After much speculation since the release of their fall flavors last month, coffee experts at Starbucks’ CDC (Caffeine Deficiency Center) officially announced today that they will begin recommending pumpkin-spice boosters if someone’s last latte was more than two hours ago.
“As we arrive on the cusp of cozy season, a 470cc pumpkin spice booster is recommended for many of our more autumnal affected populations who might be at risk of cozy and caffeine-related deficiecies,” said Starbucks spokesperson Susan Baker. “These recommended populations include, but are not limited to, cozy fall bitches, soccer moms, autumn-crazed lunatics dragging eight feet of chunky knit scarf behind them the day after Labor Day, and bearded flannel bros ordering the latte on their mobile app under their wife’s name to hide the fact that the pumpkin spice latte is actually for them.”
Boasting more than 500 million doses to date, Starbucks has officially declared their decades-long pumpkin spice program an unqualified success.

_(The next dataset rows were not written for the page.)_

Lemma wdotD al be : wdot lam (fun i => al i + be i) = wdot lam al + wdot lam be.
Proof. by rewrite -big_split; apply: eq_bigr => i _; rewrite mulnDr. Qed.

Definition lam_unit (i : 'I_n) (j : 'I_n) : nat := if j == i then lam i else 0.

Lemma wdot_lam_unit i : wdot lam (lam_unit i) = L.
Proof.
rewrite /wdot (bigD1 i) //= /lam_unit eqxx omegaK big1 ?addn0 // => j /negbTE ->.
by rewrite muln0.
Qed.

Lemma Gamma_lam_unit i : Gamma lam (lam_unit i).
Proof. by rewrite /Gamma wdot_lam_unit. Qed.

Lemma Gamma_mono al be : Gamma lam al -> (forall i, al i <= be i) -> Gamma lam be.
Proof.
move=> Gal le_al_be; apply: leq_trans Gal _.
by apply: leq_sum => i _; rewrite leq_mul2l le_al_be orbT.
Qed.

Lemma Gamma_sum_le_mono al be p :
  Gamma_sum_le al p -> (forall i, al i <= be i) -> Gamma_sum_le be p.
Proof. by move=> [ga [Gga le_ga]] le_al_be; exists ga; split=> // i; apply: leq_trans (le_al_be i). Qed.

Lemma Gamma_sum_le0 al : Gamma_sum_le al 0.
Proof. by exists (fun _ _ => 0); split=> [[]|i]; rewrite // big_ord0. Qed.

Lemma Gamma_sum_leS al be p :
  Gamma_sum_le al p -> Gamma lam be -> Gamma_sum_le (fun i => al i + be i) p.+1.
Proof.
move=> [ga [Gga le_ga]] Gbe.
exists (fun j => if unlift ord_max j is Some j' then ga j' else be); split.
  by move=> j; case: unlift.
move=> i; rewrite big_ord_recr /= unlift_none leq_add2r; apply: leq_trans (le_ga i).
apply/eq_leq/eq_bigr => j _.
by rewrite (_ : widen_ord _ j = lift ord_max j) ?liftK //; exact/val_inj/esym/lift_max.
Qed.

Lemma decomposable_Gamma_sum_le al p : decomposable lam al p -> Gamma_sum_le al p.
Proof. by move=> [be [Gbe al_sum]]; exists be; split=> // i; rewrite al_sum. Qed.

(* The excess of [al] over the sum is absorbed by the last summand. *)
Lemma Gamma_sum_le_decomposable al p : Gamma_sum_le al p.+1 -> decomposable lam al p.+1.
Proof.
move=> [be [Gbe le_be]].
pose ex i := al i - \sum_(j < p.+1) be j i.
exists (fun j i => be j i + (j == ord_max) * ex i); split.
  by move=> j; apply: Gamma_mono (Gbe j) _ => i; rewrite leq_addr.
move=> i; rewrite big_split /= [X in _ + X](bigD1 ord_max) //= eqxx mul1n.
by rewrite [X in _ + (_ + X)]big1 ?addn0 ?subnKC // => j /negbTE ->.
Qed.

Hypothesis lam_gt0 : forall i, 0 < lam i.

Lemma lcm_lam_gt0 : 0 < L.
Proof. by apply: (big_ind (leq 1)) => // a b; rewrite lcmn_gt0 => -> ->. Qed.

Lemma omega_mul_lt i a : a < lam i -> omega lam i * a < L.
Proof.
move=> lt_a; rewrite -(omegaK i) ltn_mul2l lt_a andbT.
by move: lcm_lam_gt0; rewrite -(omegaK i) muln_gt0 => /andP[].
Qed.

Lemma wdot_small_lt al p : (forall i, al i < lam i) -> 0 < p ->
  p * L <= wdot lam al -> p < n.
Proof.
move=> al_lt p_gt0 le_pL.
have [i0 _|n_empty] := pickP (@predT 'I_n); last first.
  by move: le_pL; rewrite /wdot big_pred0 // leqn0 muln_eq0 (gtn_eqF p_gt0) (gtn_eqF lcm_lam_gt0).
rewrite -(ltn_pmul2r lcm_lam_gt0); apply: leq_ltn_trans le_pL _.
have -> : n * L = \sum_(i < n) L by rewrite sum_nat_const card_ord.
rewrite /wdot (bigD1 i0) //= [X in _ < X](bigD1 i0) //= -addSn.
by apply: leq_add; [|apply: leq_sum => i _; apply: ltnW]; apply: omega_mul_lt.
Qed.

Lemma small_decomposition_Gamma_sum_le al p :
  small_decomposition_property -> p * L <= wdot lam al -> Gamma_sum_le al p.
Proof.
move=> small; elim: p al => [|p IHp] al le_pL; first exact: Gamma_sum_le0.
have [i le_lam_al|all_small] :=
  pickP [pred i | lam i <= al i]; last first.
  have al_lt i : al i < lam i by rewrite ltnNge; apply/negbT/all_small.
  by apply/decomposable_Gamma_sum_le/small; rewrite ?(wdot_small_lt al_lt _ le_pL).
pose al' j := al j - lam_unit i j.
have al_split j : al j = al' j + lam_unit i j.
  by rewrite subnK // /lam_unit; case: eqP => [->|].
have wdot_split : wdot lam al = wdot lam al' + L.
  by rewrite -(wdot_lam_unit i) -wdotD; apply: eq_bigr => j _; rewrite -al_split.
apply: Gamma_sum_le_mono (Gamma_sum_leS (IHp al' _) (Gamma_lam_unit i)) _.
  by move: le_pL; rewrite wdot_split mulSn addnC leq_add2r.
by move=> j; rewrite -al_split.
Qed.

Lemma decomposition_property_of_small :
  small_decomposition_property -> decomposition_property.
Proof.
move=> small al [//|p] _ le_pL.
exact/Gamma_sum_le_decomposable/small_decomposition_Gamma_sum_le.
Qed.

End GammaDecompositions.

Section MonomialIdeal.
Local Open Scope ring_scope.
Variables (K : fieldType) (n : nat) (lam : 'I_n -> nat).
Hypothesis lam_gt0 : forall i, (0 < lam i)%N.
Local Notation L := (lcm_lam lam).
Local Notation J := (@Jlam K n lam).
Local Notation I := (@Ilam K n lam).
Implicit Types (al be : 'I_n -> nat).

Definition monomial al : {mpoly K[n]} := 'X_[[multinom al i | i < n]].

Lemma monomialE al : monomial al = \prod_(i < n) 'X_i ^+ al i.
Proof. by rewrite /monomial mpolyXE_id; apply: eq_bigr => i _; rewrite mnmE. Qed.

Definition generator_seq al : seq {mpoly K[n]} :=
  flatten [seq nseq (omega lam i * al i) ('X_i ^+ lam i) | i <- index_enum 'I_n].

Lemma monomial_exp_lcm al : monomial al ^+ L = \prod_(x <- generator_seq al) x.
Proof.
rewrite monomialE /generator_seq big_flatten big_map -prodrXl; apply: eq_bigr => i _.
by rewrite big_nseq iter_mulr_1 -!exprM mulnA [(lam i * _)%N]mulnC omegaK mulnC.
Qed.

Lemma size_generator_seq al : size (generator_seq al) = wdot lam al.
Proof.
rewrite size_flatten /shape -map_comp sumnE big_map.
by apply: eq_bigr => i _; rewrite /= size_nseq.
Qed.

Lemma mem_generator_seq al x : x \in generator_seq al -> exists i, x = 'X_i ^+ lam i.
Proof. by move=> /flatten_mapP [i _ /nseqP [-> _]]; exists i. Qed.

Lemma Jlam_generator i : J ('X_i ^+ lam i).
Proof. by apply: ideal_gen_sub; exists i. Qed.

Lemma Ilam_monomial be : Gamma lam be -> I (monomial be).
Proof.
move=> Gbe; apply: (int_closure_of_pow (lcm_lam_gt0 lam_gt0)); rewrite monomial_exp_lcm.
apply: ideal_pow_prod => [x /mem_generator_seq [i ->]|]; first exact: Jlam_generator.
by rewrite size_generator_seq.
Qed.

Lemma int_closure_pow_monomial al p :
  (p * L <= wdot lam al)%N -> int_closure (ideal_pow I p) (monomial al).
Proof.
move=> le_pL; apply: (int_closure_of_pow (lcm_lam_gt0 lam_gt0)); rewrite monomial_exp_lcm.
apply: ideal_pow_pow_prod => [x /mem_generator_seq [i ->]|].
  exact/int_closure_sub/Jlam_generator.
by rewrite size_generator_seq.
Qed.

Lemma Ilam_mweight_ge g : I g -> mweight_ge (omega lam) L g.
Proof.
apply: int_closure_mweight_ge; apply: ideal_gen_msupp_all => [m m' le_Lm|_ [i ->]].
  by rewrite mweightD (leq_trans le_Lm) ?leq_addr.
apply/Xn_divides_weight_subst; exists (('X_i)%:P ^+ lam i).
by rewrite rmorphXn weight_subst_X exprMn -exprM omegaK.
Qed.

Lemma ideal_pow_Gamma_sum_le k g :
  ideal_pow I k g -> msupp_all (fun m => Gamma_sum_le lam (fun i => m i) k) g.
Proof.
elim: k g => [|k IHk] g; first by move=> _ m _; exact: Gamma_sum_le0.
apply: ideal_gen_msupp_all => [m m' Gm|_ [a [b [Ia Ib ->]]] m].
  by apply: Gamma_sum_le_mono Gm _ => i; rewrite mnmDE leq_addr.
move=> /msuppM_split [m1 [m2 [am1 bm2 ->]]].
apply: Gamma_sum_le_mono (Gamma_sum_leS (IHk _ Ia _ am1) (Ilam_mweight_ge Ib bm2)) _.
by move=> i; rewrite mnmDE.
Qed.

Lemma ideal_pow_Xm_decomposable (m : 'X_{1..n}) p :
  decomposable lam (fun i => m i) p -> ideal_pow I p 'X_[m].
Proof.
move=> [be [Gbe m_sum]].
have -> : 'X_[m] = \prod_(x <- [seq monomial (be j) | j <- enum 'I_p]) x.
  rewrite big_map big_enum mpolyXE_id /=; under [RHS]eq_bigr do rewrite monomialE.
  by rewrite exchange_big; apply: eq_bigr => i _; rewrite m_sum prodrXr.
apply: ideal_pow_prod => [x /mapP [j _ ->]|]; first exact: Ilam_monomial.
by rewrite size_map size_enum_ord.
Qed.

Lemma normal_decomposition : normal_ideal I -> decomposition_property lam.
Proof.
move=> normalI al [//|p] _ le_pL.
have Ial := normalI p.+1 isT _ (int_closure_pow_monomial le_pL).
have al_supp : [multinom al i | i < n] \in msupp (monomial al) by rewrite msuppX mem_seq1.
have Gal := ideal_pow_Gamma_sum_le Ial al_supp.
by apply/Gamma_sum_le_decomposable/(Gamma_sum_le_mono Gal) => i; rewrite mnmE.
Qed.

Lemma decomposition_normal : decomposition_property lam -> normal_ideal I.
Proof.
move=> decomp [//|k] _ f If.
have wf : mweight_ge (omega lam) (k.+1 * L) f.
  by apply: int_closure_mweight_ge If => g; apply: ideal_pow_mweight_ge => h; exact: Ilam_mweight_ge.
rewrite (mpolyE f) big_seq; apply: ideal_gen_sum => m fm; rewrite -mul_mpolyC.
apply/ideal_genMl/(ideal_pow_Xm_decomposable (p := k.+1)).
exact: (decomp (fun i => m i) k.+1 isT (wf m fm)).
Qed.

End MonomialIdeal.

Unset Implicit Arguments.
Set Strict Implicit.

Theorem lemma4p3 (K : fieldType) (n : nat) (lam : 'I_n -> nat)
    (lam_pos : forall i, (0 < lam i)%N) :
  let a := normal_ideal (@Ilam K n lam) in
  let b := forall (alpha : 'I_n -> nat) (p : nat),
      (0 < p)%N -> (p * lcm_lam lam <= wdot lam alpha)%N -> decomposable lam alpha p in
  let c := forall (alpha : 'I_n -> nat) (p : nat),
      (forall i, alpha i < lam i)%N -> (1 <= p < n)%N ->
      (p * lcm_lam lam <= wdot lam alpha)%N -> decomposable lam alpha p in
  (a <-> b) /\ (b <-> c).
Proof.
move=> a b c; split; split.
- exact: normal_decomposition.
- exact: decomposition_normal.
- by move=> decomp al p _ /andP[p_gt0 _]; exact: decomp.
- exact: decomposition_property_of_small.
Qed.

“It’s been nine long, hard months since my last PSL and I wasn’t sure how much longer I was going to last,” said Jamie Collins, taking an unsettlingly long swig from their Venti pumpkin spice latte. “I talked with my licensed barista and they said as it gets colder, a steady flow of pumpkin spice at all times is going to be critical to maintain optimal hygge levels. I didn’t want to take any chances, so I grabbed a pumpkin donut from Top Pot on the way. And pumpkin spice yogurt from Ellenos. And pumpkin ice cream from Bluebird. And I might have eaten one of my dog’s Pup-kin Spice Dog Treats. But you know, better safe than sorry, right?”
Governor Inslee later announced that starting September 22nd, proof of pumpkin spice booster would be mandatory for those wishing to attend youth soccer games, pumpkin patches, corn mazes, or enter the Leavenworth city limits.